期刊名称:Journal of Theoretical and Applied Information Technology
印刷版ISSN:1992-8645
电子版ISSN:1817-3195
出版年度:2020
卷号:98
期号:15
页码:2990-2999
出版社:Journal of Theoretical and Applied
摘要:The Rivest Shamir Adleman (RSA) algorithm is one of the cryptographic algorithms that have a high level of security in the message security, and this is due to the difficulty of finding the prime number factor of a huge integer (factor n being the two main factors, p, and q so that it becomes n = p ∙ q). Because it is assessed as safe in securing messages, researchers look for weaknesses in the RSA algorithm. The downside of this RSA algorithm is from the key solving technique. The algorithm for solving this key is sought and studied so that the secret key p and q can be known or cryptanalysis. The key solving technique that can be done is to use the heuristic method, which is a genetic algorithm. The process of finding factors from this public key is conducted algorithmically using a genetic algorithm. The genetic algorithm works by factoring the public key n randomly to generate the initial value of the chromosomal candidates p and q. After the initial population is formed, the chromosome will experience evaluation, selection, crossover, and mutation so that the best solution is found. The chromosomes are produced from one generation to a maximum of a predetermined generation.
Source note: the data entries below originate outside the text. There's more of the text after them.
(* Let ${\mathbf{X}}\in\mathbb{R}_+^{m\times n}$, ${\mathbf{A}}_1\in\mathbb{R}^{k\times m}$, ${\mathbf{A}}_2\in\mathbb{R}^{n\times k}$ with ${\mathbf{A}}_1{\mathbf{X}}{\mathbf{A}}_2$ invertible. Let ${\mathbf{Q}}_1$ be a matrix whose columns form an orthonormal basis of the column space of ${\mathbf{X}}{\mathbf{A}}_2$, and ${\mathbf{Q}}_2$ a matrix whose columns form an orthonormal basis of the row space of ${\mathbf{A}}_1{\mathbf{X}}$. Let $\lambda_1,\lambda_2\ge0$ and let $\sigma_1,\sigma_2$ satisfy $$\sigma_1\ge\max_{a,b}\big(({\mathbf{A}}_1^T{\mathbf{A}}_1)_{ab}\big)_-,\quad \sigma_1\ge\max_{a,b}\big(({\mathbf{A}}_1^T{\mathbf{A}}_1+\lambda_1({\mathbf{I}}-{\mathbf{Q}}_1{\mathbf{Q}}_1^T))_{ab}\big)_-,$$ $$\sigma_2\ge\max_{a,b}\big(({\mathbf{A}}_2{\mathbf{A}}_2^T)_{ab}\big)_-,\quad \sigma_2\ge\max_{a,b}\big(({\mathbf{A}}_2{\mathbf{A}}_2^T+\lambda_2({\mathbf{I}}-{\mathbf{Q}}_2{\mathbf{Q}}_2^T))_{ab}\big)_-.$$ Set ${\mathbf{A}}_{1,\sigma}={\mathbf{A}}_1^T{\mathbf{A}}_1+\sigma_1\mathbf{1}_m\mathbf{1}_m^T$ and ${\mathbf{A}}_{2,\sigma}={\mathbf{A}}_2{\mathbf{A}}_2^T+\sigma_2\mathbf{1}_n\mathbf{1}_n^T$. Then, for entrywise nonnegative ${\mathbf{U}}\in\mathbb{R}^{m\times r}$, ${\mathbf{V}}\in\mathbb{R}^{n\times r}$ (with the denominators below entrywise positive), the objective $$\|{\mathbf{A}}_1({\mathbf{X}}-{\mathbf{U}}{\mathbf{V}}^T)\|_F^2+\|({\mathbf{X}}-{\mathbf{U}}{\mathbf{V}}^T){\mathbf{A}}_2\|_F^2+\lambda_1\|({\mathbf{I}}-{\mathbf{Q}}_1{\mathbf{Q}}_1^T){\mathbf{U}}{\mathbf{V}}^T\|_F^2+\lambda_2\|{\mathbf{U}}{\mathbf{V}}^T({\mathbf{I}}-{\mathbf{Q}}_2{\mathbf{Q}}_2^T)\|_F^2+\sigma_1\|\mathbf{1}_m^T({\mathbf{X}}-{\mathbf{U}}{\mathbf{V}}^T)\|_2^2+\sigma_2\|({\mathbf{X}}-{\mathbf{U}}{\mathbf{V}}^T)\mathbf{1}_n\|_2^2$$ does not increase under each of the updates $${\mathbf{U}}\leftarrow{\mathbf{U}}\circ\frac{{\mathbf{A}}_{1,\sigma}{\mathbf{X}}{\mathbf{V}}+{\mathbf{X}}{\mathbf{A}}_{2,\sigma}{\mathbf{V}}}{({\mathbf{A}}_{1,\sigma}+\lambda_1({\mathbf{I}}-{\mathbf{Q}}_1{\mathbf{Q}}_1^T)){\mathbf{U}}{\mathbf{V}}^T{\mathbf{V}}+{\mathbf{U}}{\mathbf{V}}^T({\mathbf{A}}_{2,\sigma}+\lambda_2({\mathbf{I}}-{\mathbf{Q}}_2{\mathbf{Q}}_2^T)){\mathbf{V}}},$$ $${\mathbf{V}}\leftarrow{\mathbf{V}}\circ\frac{{\mathbf{X}}^T{\mathbf{A}}_{1,\sigma}{\mathbf{U}}+{\mathbf{A}}_{2,\sigma}{\mathbf{X}}^T{\mathbf{U}}}{{\mathbf{V}}{\mathbf{U}}^T({\mathbf{A}}_{1,\sigma}+\lambda_1({\mathbf{I}}-{\mathbf{Q}}_1{\mathbf{Q}}_1^T)){\mathbf{U}}+({\mathbf{A}}_{2,\sigma}+\lambda_2({\mathbf{I}}-{\mathbf{Q}}_2{\mathbf{Q}}_2^T)){\mathbf{V}}{\mathbf{U}}^T{\mathbf{U}}},$$ and the updated factors remain entrywise nonnegative.
   Context: $\mathbb{R}_+^{m\times n}$ denotes entrywise nonnegative $m\times n$ matrices; $(x)_-=-\min(x,0)$; $\mathbf{1}_m$ is the all-ones vector in $\mathbb{R}^m$; $\circ$ is entrywise product and the fraction bar is entrywise division. $\|\cdot\|_F$ is the Frobenius norm, $\|\cdot\|_2$ the Euclidean norm. *)

From HB Require Import structures.
From mathcomp Require Import all_boot all_order all_algebra.
Set Implicit Arguments. Unset Strict Implicit. Unset Printing Implicit Defensive.
Import Order.TTheory GRing.Theory Num.Theory.
Local Open Scope ring_scope.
Furthermore, two figures of the results of the factorization must be done checking the prime number, in the study of the test method of prime numbers using the Lehmann algorithm. If the test result of the prime number is correct, then the two numbers are the secret key p and q of the RSA algorithm. The results of the research from solving the technique of public-key RSA algorithms using genetic algorithms suggest that the genetic algorithm can be used to break the public key of the RSA algorithm. The opportunity to find the secret key p and Q RSA algorithm is affected by the size of the pop size and maximum size of the generation, the larger the size of population size and maximum size of the generation, the larger the population size and maximum size of the generation then the higher the probability of the p and Q secret keys found. The size of the crossover Rate (PC) is best used to solve the problem of solving the RSA public key using the genetic algorithm is 25%-50%. While the size of the mutation rate (PM) is best used to resolve the problem of solving the RSA public key, using the genetic algorithm is 10%-20%.